Sunny Edwards dikritik pasca laga sebab menyatakan untuk instruktur barunya, Chris Williams, pada akhir ronde kedua bahwa ia tidak ada “ingin berada di dalam sana”. Saat itu ia sudah ada terluka pada ronde pertama. Namun, ia berniat untuk tetap memperlihatkan berada di dalam dunia tinju sebagai komentator, manajer, serta kemungkinan besar pembimbing apabila ia tak pernah bertarung lagi, juga mengungkapkan sejauh mana ia menantikan faedah dari tak menjalani keberadaan sebagai petinju.
“Hal yang digunakan menyedihkan adalah, pasca saya melakukannya, saya benar-benar merasa lega,” katanya terhadap BoxingScene. “Dan ini adalah pertama kalinya saya pergi dari dari ring tinju kemudian salah satu pikiran pertama saya bukanlah, ‘Siapa yang tersebut akan saya lawan selanjutnya? Kapan saya bertarung? Apa yang mana berikutnya?.”
“Hal itu menunjukkan untuk saya, mungkin saja lebih tinggi dari yang digunakan saya terima untuk diri saya sendiri, rasanya seperti melegakan, Anda tahu apa yang saya maksud? Dan itu seharusnya terasa lebih tinggi memilukan, lalu ternyata tidak.”
“Saya masih akan sangat terkait kemudian berakar pada tinju. Saya tiada akan ke mana-mana. Jika ada, saya akan melakukan lebih tinggi banyak hal lain [seperti komentator dan juga manajemen], namun saya pikir sebagian dari itu adalah tubuh saya. Jika saya jujur, tubuh saya benar-benar sudah pernah mengambil kesenangan kemudian kepercayaan diri saya, sebab perlahan-lahan rusak.”
“Saya harus pergi ke momen kelahiran anak saya. Hal-hal yang mana sangat saya rindukan – berada di area kamp pelatihan untuk berlaga … Berada di tempat Amerika untuk melawan [pada bulan Juni, Adrian Adrian dari Meksiko] Curiel, saya kebetulan melewatkan salah satu hal yang digunakan paling saya sukai sejak saya berpikir untuk memiliki anak sendiri – harus menyaksikan hari olahraga melalui FaceTime … Itu adalah bagian terbesar dari inovasi pola pikir saya. Saya duduk dalam di sini lalu meyakinkan semua orang bahwa saya melakukan semua ini untuk anak-anak saya, tetapi kemudian anak-anak saya meninjau akhir perlombaan, juga anak-anak lain ada ayah mereka pada sana, juga ayah dia menonton melalui telepon.
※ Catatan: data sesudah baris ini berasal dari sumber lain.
(* Let $S$ be an anti-rectangular AG-groupoid. The following are equivalent: (i) $S$ is fully idempotent, i.e. $I^{2}=I$ for every ideal $I$ of $S$; (ii) $A\cap B=AB$ for all ideals $A,B$ of $S$; (iii) the set $L_S$ of ideals of $S$, with the operation $A\wedge B=AB$, is a semilattice (i.e. $\wedge$ is a well-defined operation on $L_S$ which is commutative, associative and idempotent).
   Context: An AG-groupoid is a set $S$ with a binary operation satisfying $(ab)c=(cb)a$ for all $a,b,c\in S$. It is anti-rectangular if $a=(ba)b$ for all $a,b\in S$. For nonempty subsets, $AB=\{ab:a\in A,b\in B\}$, $I^{2}=II$. An ideal of $S$ is a nonempty subset $I$ with $SI\subseteq I$ and $IS\subseteq I$. *)

Set Implicit Arguments.

Section AG.
Variable S : Type.
Variable op : S -> S -> S.

Definition AG_groupoid : Prop := forall a b c, op (op a b) c = op (op c b) a.
Definition anti_rectangular : Prop := forall a b, a = op (op b a) b.

Definition subset (A B : S -> Prop) : Prop := forall x, A x -> B x.
Definition seteq (A B : S -> Prop) : Prop := forall x, A x <-> B x.
Definition inter (A B : S -> Prop) : S -> Prop := fun x => A x /\ B x.
Definition setT : S -> Prop := fun _ => True.
Definition setmul (A B : S -> Prop) : S -> Prop :=
  fun x => exists a b, A a /\ B b /\ x = op a b.

Definition is_ideal (I : S -> Prop) : Prop :=
  (exists x, I x) /\ subset (setmul setT I) I /\ subset (setmul I setT) I.

Definition fully_idempotent : Prop :=
  forall I, is_ideal I -> seteq (setmul I I) I.

Definition inter_eq_prod : Prop :=
  forall A B, is_ideal A -> is_ideal B -> seteq (inter A B) (setmul A B).

Definition ideals_semilattice : Prop :=
  (forall A B, is_ideal A -> is_ideal B -> is_ideal (setmul A B)) /\
  (forall A B, is_ideal A -> is_ideal B -> seteq (setmul A B) (setmul B A)) /\
  (forall A B C, is_ideal A -> is_ideal B -> is_ideal C ->
     seteq (setmul (setmul A B) C) (setmul A (setmul B C))) /\
  (forall A, is_ideal A -> seteq (setmul A A) A).
End AG.


(* In an anti-rectangular groupoid every element is a product:
   taking a = b = x in  a = (b a) b  gives  x = (x x) x.
   So for ideals A, B and x in A ∩ B we get x ∈ AB, since x x ∈ A (A is a
   right ideal) and x ∈ B.  Conversely AB ⊆ A ∩ B holds in any groupoid, so
   A ∩ B = AB for all ideals A, B: condition (ii) holds outright.  Taking
   A = B gives (i).  For (iii), AB = A ∩ B is again an ideal (intersections
   of ideals are ideals), and commutativity, associativity and idempotence of
   the product on ideals reduce to the same laws for intersection.  Hence all
   three conditions are true, and in particular equivalent. *)

Section Ideals.
Variables (S : Type) (op : S -> S -> S).

Lemma ideal_mul_left {I : S -> Prop} (s x : S) :
  is_ideal op I -> I x -> I (op s x).
Proof.
  intros [_ [HL _]] Hx. apply HL. exists s, x. repeat split. exact Hx.
Qed.

Lemma ideal_mul_right {I : S -> Prop} (x s : S) :
  is_ideal op I -> I x -> I (op x s).
Proof.
  intros [_ [_ HR]] Hx. apply HR. exists x, s. repeat split. exact Hx.
Qed.

Lemma prod_sub_inter {A B : S -> Prop} :
  is_ideal op A -> is_ideal op B -> subset (setmul op A B) (inter A B).
Proof.
  intros HA HB x [a [b [Ha [Hb ->]]]]. split.
  - exact (ideal_mul_right a b HA Ha).
  - exact (ideal_mul_left a b HB Hb).
Qed.

(* The intersection of two ideals is an ideal; it is nonempty because it
   contains the product of an element of A with an element of B. *)
Lemma inter_ideal {A B : S -> Prop} :
  is_ideal op A -> is_ideal op B -> is_ideal op (inter A B).
Proof.
  intros HA HB. split; [|split].
  - destruct (proj1 HA) as [a Ha], (proj1 HB) as [b Hb].
    exists (op a b). apply (prod_sub_inter HA HB). exists a, b. auto.
  - intros x [s [y [_ [[HyA HyB] ->]]]].
    split; apply ideal_mul_left; assumption.
  - intros x [y [s [[HyA HyB] [_ ->]]]].
    split; apply ideal_mul_right; assumption.
Qed.

Lemma ideal_seteq {I J : S -> Prop} :
  seteq I J -> is_ideal op I -> is_ideal op J.
Proof.
  intros E [[x Hx] [HL HR]]. split; [|split].
  - exists x. apply E. exact Hx.
  - intros y [s [z [_ [Hz ->]]]]. apply E, HL. exists s, z.
    repeat split. apply E. exact Hz.
  - intros y [z [s [Hz [_ ->]]]]. apply E, HR. exists z, s.
    repeat split. apply E. exact Hz.
Qed.

Hypothesis hAR : anti_rectangular op.

Lemma self_factor (x : S) : x = op (op x x) x.
Proof. apply hAR. Qed.

Lemma inter_sub_prod {A B : S -> Prop} :
  is_ideal op A -> subset (inter A B) (setmul op A B).
Proof.
  intros HA x [HxA HxB]. exists (op x x), x. repeat split.
  - exact (ideal_mul_right x x HA HxA).
  - exact HxB.
  - apply self_factor.
Qed.

Lemma inter_eq_prod_holds : inter_eq_prod op.
Proof.
  intros A B HA HB x. split.
  - apply inter_sub_prod. exact HA.
  - apply prod_sub_inter; assumption.
Qed.

(* Condition (i): the case A = B of (ii). *)
Lemma fully_idempotent_holds : fully_idempotent op.
Proof.
  intros I HI x. destruct (inter_eq_prod_holds _ _ HI HI x) as [H1 H2]. split.
  - intro Hx. apply H2. exact Hx.
  - intro Hx. apply H1. split; exact Hx.
Qed.

(* The product of two ideals is an ideal, being equal to their intersection. *)
Lemma prod_ideal {A B : S -> Prop} :
  is_ideal op A -> is_ideal op B -> is_ideal op (setmul op A B).
Proof.
  intros HA HB. apply (ideal_seteq (inter_eq_prod_holds _ _ HA HB)).
  apply inter_ideal; assumption.
Qed.

(* Condition (iii): the laws of ∧ on ideals are those of intersection. *)
Lemma ideals_semilattice_holds : ideals_semilattice op.
Proof.
  split; [exact (@prod_ideal) | split; [|split]].
  - intros A B HA HB x.
    pose proof (inter_eq_prod_holds _ _ HA HB x).
    pose proof (inter_eq_prod_holds _ _ HB HA x).
    unfold inter in *; tauto.
  - intros A B C HA HB HC x.
    pose proof (inter_eq_prod_holds _ _ (prod_ideal HA HB) HC x).
    pose proof (inter_eq_prod_holds _ _ HA (prod_ideal HB HC) x).
    pose proof (inter_eq_prod_holds _ _ HA HB x).
    pose proof (inter_eq_prod_holds _ _ HB HC x).
    unfold inter in *; tauto.
  - exact fully_idempotent_holds.
Qed.

End Ideals.

Theorem proposition5 (S : Type) (op : S -> S -> S)
  (hAG : AG_groupoid op) (hAR : anti_rectangular op) :
  (fully_idempotent op <-> inter_eq_prod op) /\
  (inter_eq_prod op <-> ideals_semilattice op).
Proof.
  pose proof (@fully_idempotent_holds S op hAR) as Hi.
  pose proof (@inter_eq_prod_holds S op hAR) as Hii.
  pose proof (@ideals_semilattice_holds S op hAR) as Hiii.
  tauto.
Qed.
Lemma Iseg_no_collision (k : 'I_(m * Lnat)) :
  Iseg m s E k = (\sum_(i < n) ((seg_of i == k) && Defs.isolated E i))%N :> nat.
Proof.
set S := [set j : 'I_n | in_seg m k (nth 0 s j)]%SET.
have notS i : i \notin S -> (seg_of i == k) = false.
  by rewrite finset.inE in_seg_of => /negbTE.
rewrite /Iseg card_set_finset -/S.
have := seg_card_le1 k; rewrite -/S leq_eqVlt ltnS leqn0.
case/orP => [/[dup] S1 /cards1P[j0 Sj0]|/eqP S0]; last first.
  by rewrite S0 /= big1 // => i _; rewrite notS // (cards0_eq S0) finset.inE.
have j0S : j0 \in S by rewrite Sj0 set11.
rewrite S1 /= (bigD1 j0) //= big1 ?addn0 => [|i ij0]; last first.
  by rewrite notS // Sj0 finset.inE.
move: (j0S); rewrite finset.inE in_seg_of => /[dup] j0k ->; congr (nat_of_bool _).
apply/forallP/idP => [/(_ j0)|isoj j]; first by rewrite in_seg_of j0k.
apply/implyP; rewrite in_seg_of => jk.
have : j \in S by rewrite finset.inE in_seg_of.
by rewrite Sj0 finset.inE => /eqP ->.
Qed.

Lemma Wml_Niso : Wml m Lnat s E = Niso s E.
Proof.
rewrite /Wml /Niso card_set_sum (eq_bigr _ (fun k _ => Iseg_no_collision k)).
rewrite exchange_big /=; apply: eq_bigr => i _.
rewrite (bigD1 (Ordinal (seg_of_lt i))) //= eqxx /= big1 ?addn0 // => k nk.
suff /negbTE -> : seg_of i != k by [].
by apply: contra nk => /eqP eki; apply/eqP/val_inj; rewrite /= eki.
Qed.

End segments.

Lemma sum_edge_weight (R : realType) (h : R -> R -> R) n (s : seq R) :
  \sum_(E in {set 'I_n * 'I_n} | E \subset upper n) edge_weight h s E = 1.
Proof.
pose hp (p : 'I_n * 'I_n) := h (nth 0 s p.1) (nth 0 s p.2).
pose F p := if p \in upper n then hp p else 0.
pose G p := if p \in upper n then 1 - hp p else 1.
(* expand \prod_p (F p + G p) = 1; the terms choosing F outside [upper n] vanish *)
have := @bigA_distr R 0 1 *%R +%R _ F G.
rewrite big1 => [|p _]; last first.
  by rewrite /F /G; case: (p \in upper n); rewrite /= ?subrKC ?add0r.
move=> expand; apply: (etrans _ (esym expand)).
rewrite [RHS](bigID (fun J : {set _} => J \subset upper n)) /=.
rewrite [X in _ = _ + X]big1 ?addr0 => [|J nJ]; last first.
  have [p pJ pnU] := subsetPn nJ.
  by rewrite (bigD1 p) //= pJ /F (negbTE pnU) mul0r.
apply: eq_bigr => J JU.
rewrite (bigID (fun p => p \in upper n)) /= [X in _ * X]big1 ?mulr1 => [|p pnU]; last first.
  have pnJ : p \notin J by move: pnU; apply: contraNN; exact: (fintype.subsetP JU).
  by rewrite (negbTE pnJ) /G (negbTE pnU).
by apply: eq_bigr => p pU; rewrite /F /G pU; case: (p \in J).
Qed.

Lemma leq_sq_exp3 n : (n * n <= 3 ^ n)%N.
Proof.
have lt_exp3 k : (k < 3 ^ k)%N by elim: k => [|k IH] //; rewrite expnS; lia.
by elim: n => [|n IH] //; have := lt_exp3 n; rewrite expnS; lia.
Qed.

Lemma exp_series_le (R : realType) (x : R) : 0 <= x ->
  (\sum_(0 <= n <oo) ((x ^+ n / n`!%:R)%:E) <= (expR x)%:E)%E.
Proof.
move=> x0; apply: lime_le.
  by apply: is_cvg_nneseries => n _ _; rewrite lee_fin divr_ge0 ?exprn_ge0.
apply: nearW => N; rewrite /= sumEFin lee_fin.
apply: (nondecreasing_cvgn_le _ (is_cvg_series_exp_coeff x)).
by apply: nondecreasing_series => k _ _; exact: exp_coeff_ge0.
Qed.

Lemma fine_dist_le (R : realType) (P Q e : \bar R) (d : R) :
  (0 <= P)%E -> (0 <= Q)%E -> (0 <= e)%E -> (e <= d%:E)%E ->
  (P <= Q + e)%E -> (Q <= P + e)%E -> `|fine P - fine Q| <= d.
Proof.
case: e => [r| |]; case: P => [p| |]; case: Q => [q| |] //=; rewrite ?lee_fin //.
- by move=> p0 q0 r0 rd pq qp; rewrite ler_norml; apply/andP; split; lra.
- by move=> _ _ r0 rd _ _; rewrite subr0 normr0 (le_trans r0).
Qed.

Section collision_bound.
Context (R : realType) (Lnat : nat) (Lnat_gt0 : (0 < Lnat)%N) (h : R -> R -> R).
Hypothesis h01 : forall x y : R, 0 <= x < Lnat%:R -> 0 <= y < Lnat%:R -> 0 <= h x y <= 1.
Context (m : nat) (m_gt0 : (0 < m)%N).
Local Notation L := (Lnat%:R : R).
Local Notation mu := (@lebesgue_measure R).

Let L_gt0 : 0 < L. Proof. by rewrite ltr0n. Qed.
Let L_ge1 : 1 <= L. Proof. by rewrite ler1n. Qed.

Definition seg (k : nat) : set R := `[(k%:R / m%:R), (k.+1%:R / m%:R)[%classic.

Let measurable_seg k : measurable (seg k). Proof. exact: measurable_itv. Qed.

Let mu_seg k : (mu (seg k) <= (m%:R^-1)%:E)%E.
Proof.
rewrite /seg lebesgue_measure_itv /= lte_fin.
case: ifP => _; last by rewrite lee_fin invr_ge0.
by rewrite -EFinD lee_fin -mulrBl -natr1 addrAC subrr add0r mul1r.
Qed.

Lemma indic_seg k x : \1_(seg k) x = (in_seg m k x)%:R :> R.
Proof. by rewrite indicE /seg /in_seg mem_setE ?in_itv. Qed.

Lemma nth_in_torus s : in_torus L s -> forall i, 0 <= nth 0 s i < L.
Proof.
move=> ds i; have [ilt|ige] := ltnP i (size s); last by rewrite nth_default // lexx.
by move/(all_nthP 0): ds => /(_ i ilt).
Qed.

Lemma edge_weight_ge0 n s (E : {set 'I_n * 'I_n}) : in_torus L s -> 0 <= edge_weight h s E.
Proof.
move=> ds; apply: prodr_ge0 => p _.
have /andP[h0 h1] := h01 (nth_in_torus ds p.1) (nth_in_torus ds p.2).
by case: (p \in E); rewrite ?subr_ge0.
Qed.

Definition cond_prob n (ev : seq R -> {set 'I_n * 'I_n} -> bool) (s : seq R) : \bar R :=
  (\sum_(E in {set 'I_n * 'I_n} | E \subset upper n) edge_weight h s E * (ev s E)%:R)%:E.

Lemma cond_prob_ge0 n ev s : in_torus L s -> (0 <= @cond_prob n ev s)%E.
Proof.
move=> ds; rewrite lee_fin; apply: sumr_ge0 => E _.
by apply: mulr_ge0; [exact: edge_weight_ge0 | case: (ev s E)].
Qed.

Lemma cond_prob_le1 n ev s : in_torus L s -> (@cond_prob n ev s <= 1)%E.
Proof.
move=> ds; rewrite lee_fin -[X in _ <= X](sum_edge_weight h n s); apply: ler_sum => E _.
by rewrite ler_piMr ?edge_weight_ge0 //; case: (ev s E).
Qed.

Definition collision n (s : seq R) : bool :=
  [exists t : 'I_n * 'I_n * 'I_(m * Lnat),
    [&& (t.1.1 < t.1.2)%N, in_seg m t.2 (nth 0 s t.1.1) & in_seg m t.2 (nth 0 s t.1.2)]].

Definition collision_indic n (t : 'I_n * 'I_n * 'I_(m * Lnat)) (s : seq R) : R :=
  \1_(seg t.2) (nth 0 s t.1.1) * \1_(seg t.2) (nth 0 s t.1.2).

Definition collision_triples n : seq ('I_n * 'I_n * 'I_(m * Lnat)) :=
  [seq t : 'I_n * 'I_n * 'I_(m * Lnat) <- index_enum _ | (t.1.1 < t.1.2)%N].

Lemma collision_indic_ge0 n t s : 0 <= @collision_indic n t s.
Proof. by rewrite /collision_indic !indic_seg mulr_ge0. Qed.

Lemma collision_le_sum n s :
  collision n s -> 1 <= \sum_(t <- collision_triples n) collision_indic t s.
Proof.
move=> /existsP[t /and3P[lt i1 i2]].
rewrite big_filter (bigD1 t) //= /collision_indic !indic_seg i1 i2 mulr1 lerDl.
by apply: sumr_ge0 => u _; exact: collision_indic_ge0.
Qed.

Lemma Wml_Niso_no_collision n s (E : {set 'I_n * 'I_n}) :
  in_torus L s -> ~~ collision n s -> Wml m Lnat s E = Niso s E.
Proof.
move=> ds nc; apply: Wml_Niso => // [j|i j k ij]; first exact: nth_in_torus.
by move/existsPn: nc => /(_ (i, j, k)) /=; rewrite ij.
Qed.

(* Off collisions the two conditional probabilities agree, and on collisions
   the first is at most 1, which the sum of collision indicators dominates. *)
Lemma iint_cond_prob_le n (ev1 ev2 : seq R -> {set 'I_n * 'I_n} -> bool) :
  (forall s E, in_torus L s -> ~~ collision n s -> ev1 s E = ev2 s E) ->
  (iint L n (cond_prob ev1) <= iint L n (cond_prob ev2) +
     \sum_(t <- collision_triples n) iint L n (fun s => (collision_indic t s)%:E))%E.
Proof.
move=> ev12.
pose F s := if collision n s then 0%E else cond_prob ev1 s.
have F0 s : in_torus L s -> (0 <= F s)%E.
  by move=> ds; rewrite /F; case: ifP => // _; exact: cond_prob_ge0.
apply: (@le_trans _ _ (iint L n (fun s =>
    F s + (\sum_(t <- collision_triples n) collision_indic t s)%:E))).
  apply: iint_le => s ds; first exact: cond_prob_ge0.
  rewrite /F; case: ifPn => c.
    by rewrite add0e (le_trans (cond_prob_le1 _ ds)) // lee_fin collision_le_sum.
  by rewrite leeDl // lee_fin sumr_ge0 // => t _; exact: collision_indic_ge0.
apply: le_trans (iintD_sum_le _ _ _) _ => //.
- by move=> t s _; exact: collision_indic_ge0.
- move=> t; rewrite mem_filter => /andP[ij _].
  exact: iint_measurable_indic2.
apply: leeD => //; apply: iint_le => // s ds.
rewrite /F; case: ifPn => c; first exact: cond_prob_ge0.
rewrite le_eqVlt; apply/orP; left; apply/eqP; rewrite /cond_prob.
by congr EFin; apply: eq_bigr => E _; rewrite ev12.
Qed.

(* P(N = n) times the density L^-n of n independent uniform points *)
Definition poisson_weight n : R := expR (- L) * L ^+ n / n`!%:R * L ^- n.

Lemma poisson_weight_ge0 n : 0 <= poisson_weight n.
Proof. by rewrite !mulr_ge0 ?invr_ge0 ?exprn_ge0 ?expR_ge0 // ltW. Qed.

Definition collision_mass n : R := (n * n * (m * Lnat))%:R * (m%:R^-1 * m%:R^-1 * L ^+ n).

Lemma collision_mass_ge0 n : 0 <= collision_mass n.
Proof. by rewrite !mulr_ge0 ?invr_ge0 ?exprn_ge0 // ltW. Qed.

Lemma iint_collision_le n :
  (\sum_(t <- collision_triples n) iint L n (fun s => (collision_indic t s)%:E) <=
   (collision_mass n)%:E)%E.
Proof.
pose c := m%:R^-1 * m%:R^-1 * L ^+ n.
have c0 : 0 <= c by rewrite !mulr_ge0 ?invr_ge0 // exprn_ge0 // ltW.
rewrite big_filter.
apply: (@le_trans _ _ (\sum_(t : 'I_n * 'I_n * 'I_(m * Lnat) | (t.1.1 < t.1.2)%N) c%:E)).
  by apply: lee_sum => t ij; apply: (iint_indic2_le L_gt0) => //; rewrite invr_ge0.
rewrite sumEFin lee_fin (@le_trans _ _ (\sum_(t : 'I_n * 'I_n * 'I_(m * Lnat)) c)) //.
  rewrite [X in _ <= X](bigID (fun t : 'I_n * 'I_n * 'I_(m * Lnat) => (t.1.1 < t.1.2)%N)) /=.
  by rewrite lerDl sumr_ge0.
by rewrite sumr_const !card_prod !card_ord /collision_mass mulr_natl.
Qed.

Definition collision_error : \bar R :=
  (\sum_(0 <= n <oo) ((poisson_weight n)%:E * (collision_mass n)%:E))%E.

Lemma model_prob_ge0 ev : (0 <= model_prob L h ev)%E.
Proof.
apply: nneseries_ge0 => n _ _; apply: mule_ge0.
  by rewrite lee_fin -/(poisson_weight n) poisson_weight_ge0.
exact: iint_ge0 (fun s ds => cond_prob_ge0 (ev n) ds).
Qed.

Lemma model_prob_le (ev1 ev2 : forall n, seq R -> {set 'I_n * 'I_n} -> bool) :
  (forall n s E, in_torus L s -> ~~ collision n s -> ev1 n s E = ev2 n s E) ->
  (model_prob L h ev1 <= model_prob L h ev2 + collision_error)%E.
Proof.
move=> ev12; have pw0 n : (0 <= (poisson_weight n)%:E)%E by rewrite lee_fin poisson_weight_ge0.
have iint0 n ev : (0 <= iint L n (@cond_prob n ev))%E.
  exact: iint_ge0 (fun s ds => cond_prob_ge0 ev ds).
rewrite /model_prob /collision_error -nneseriesD; first last.
- by move=> n _ _; rewrite -EFinM lee_fin mulr_ge0 ?poisson_weight_ge0 ?collision_mass_ge0.
- by move=> n _ _; exact: mule_ge0 (pw0 n) (iint0 n (ev2 n)).
apply: lee_nneseries => [n _ _|n _]; first exact: mule_ge0 (pw0 n) (iint0 n (ev1 n)).
rewrite -/(poisson_weight n) -ge0_muleDr ?lee_fin ?collision_mass_ge0 //; last exact: iint0.
apply: lee_wpmul2l => //; apply: le_trans (iint_cond_prob_le (ev12 n)) _.
by rewrite leeD // iint_collision_le.
Qed.

Let collision_term_le n : poisson_weight n * collision_mass n <=
  (expR (- L) * L / m%:R) * ((3 * L) ^+ n / n`!%:R).
Proof.
have mn0 : m%:R != 0 :> R by rewrite pnatr_eq0 -lt0n.
have Ln0 : L != 0 by rewrite gt_eqF.
have fn0 : n`!%:R != 0 :> R by rewrite pnatr_eq0 -lt0n fact_gt0.
have -> : poisson_weight n * collision_mass n =
    (expR (- L) * L / m%:R) * ((n * n)%:R * L ^+ n / n`!%:R).
  by rewrite /poisson_weight /collision_mass !natrM; field; rewrite fn0 mn0 expf_neq0.
apply: ler_wpM2l; first by rewrite !mulr_ge0 ?invr_ge0 ?expR_ge0 // ltW.
apply: ler_wpM2r; first by rewrite invr_ge0.
rewrite exprMn; apply: ler_wpM2r; first by rewrite exprn_ge0 // ltW.
by rewrite -natrX ler_nat leq_sq_exp3.
Qed.

Lemma collision_error_le : (collision_error <= (L * expR (2 * L) / m%:R)%:E)%E.
Proof.
have a0 : 0 <= expR (- L) * L / m%:R by rewrite !mulr_ge0 ?invr_ge0 ?expR_ge0 // ltW.
have -> : L * expR (2 * L) / m%:R = (expR (- L) * L / m%:R) * expR (3 * L).
  by rewrite (_ : 2 * L = - L + 3 * L) ?expRD; ring.
apply: (@le_trans _ _ (\sum_(0 <= n <oo)
    ((expR (- L) * L / m%:R)%:E * ((3 * L) ^+ n / n`!%:R)%:E))%E).
  apply: lee_nneseries => [n _ _|n _].
    by rewrite -EFinM lee_fin mulr_ge0 ?poisson_weight_ge0 ?collision_mass_ge0.
  by rewrite -!EFinM lee_fin collision_term_le.
rewrite nneseriesZl => [|n _]; last by rewrite lee_fin divr_ge0 ?exprn_ge0 // mulr_ge0 // ltW.
rewrite [X in (_ <= X)%E]EFinM lee_wpmul2l ?lee_fin //.
by rewrite exp_series_le // mulr_ge0 // ltW.
Qed.

Lemma model_prob_dist_le (ev1 ev2 : forall n, seq R -> {set 'I_n * 'I_n} -> bool) :
  (forall n s E, in_torus L s -> ~~ collision n s -> ev1 n s E = ev2 n s E) ->
  `|fine (model_prob L h ev1) - fine (model_prob L h ev2)| <= L * expR (2 * L) / m%:R.
Proof.
move=> ev12; apply: (fine_dist_le (e := collision_error)); rewrite ?model_prob_ge0 //.
- apply: nneseries_ge0 => n _ _.
  by rewrite -EFinM lee_fin mulr_ge0 ?poisson_weight_ge0 ?collision_mass_ge0.
- exact: collision_error_le.
- exact: model_prob_le.
- by apply: model_prob_le => n s E ds nc; rewrite ev12.
Qed.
Hal ini sampai pada titik di dalam mana saya tidaklah 100 persen yakin apakah itu sepadan dengan apa yang mana saya dapatkan. Semua hal yang digunakan saya lewatkan – untuk apa?.”
Sebelum pertarungan melawan Yafai yang digunakan berusia 32 tahun, yang digunakan diperkirakan akan menantang juara WBC Kenshiro Teraji pada tahun 2025, ada yang menyatakan bahwa Edwards mungkin saja tidak ada akan menjadi petarung yang digunakan mirip pasca kekalahan telak dari Rodriguez pada bulan Desember lalu.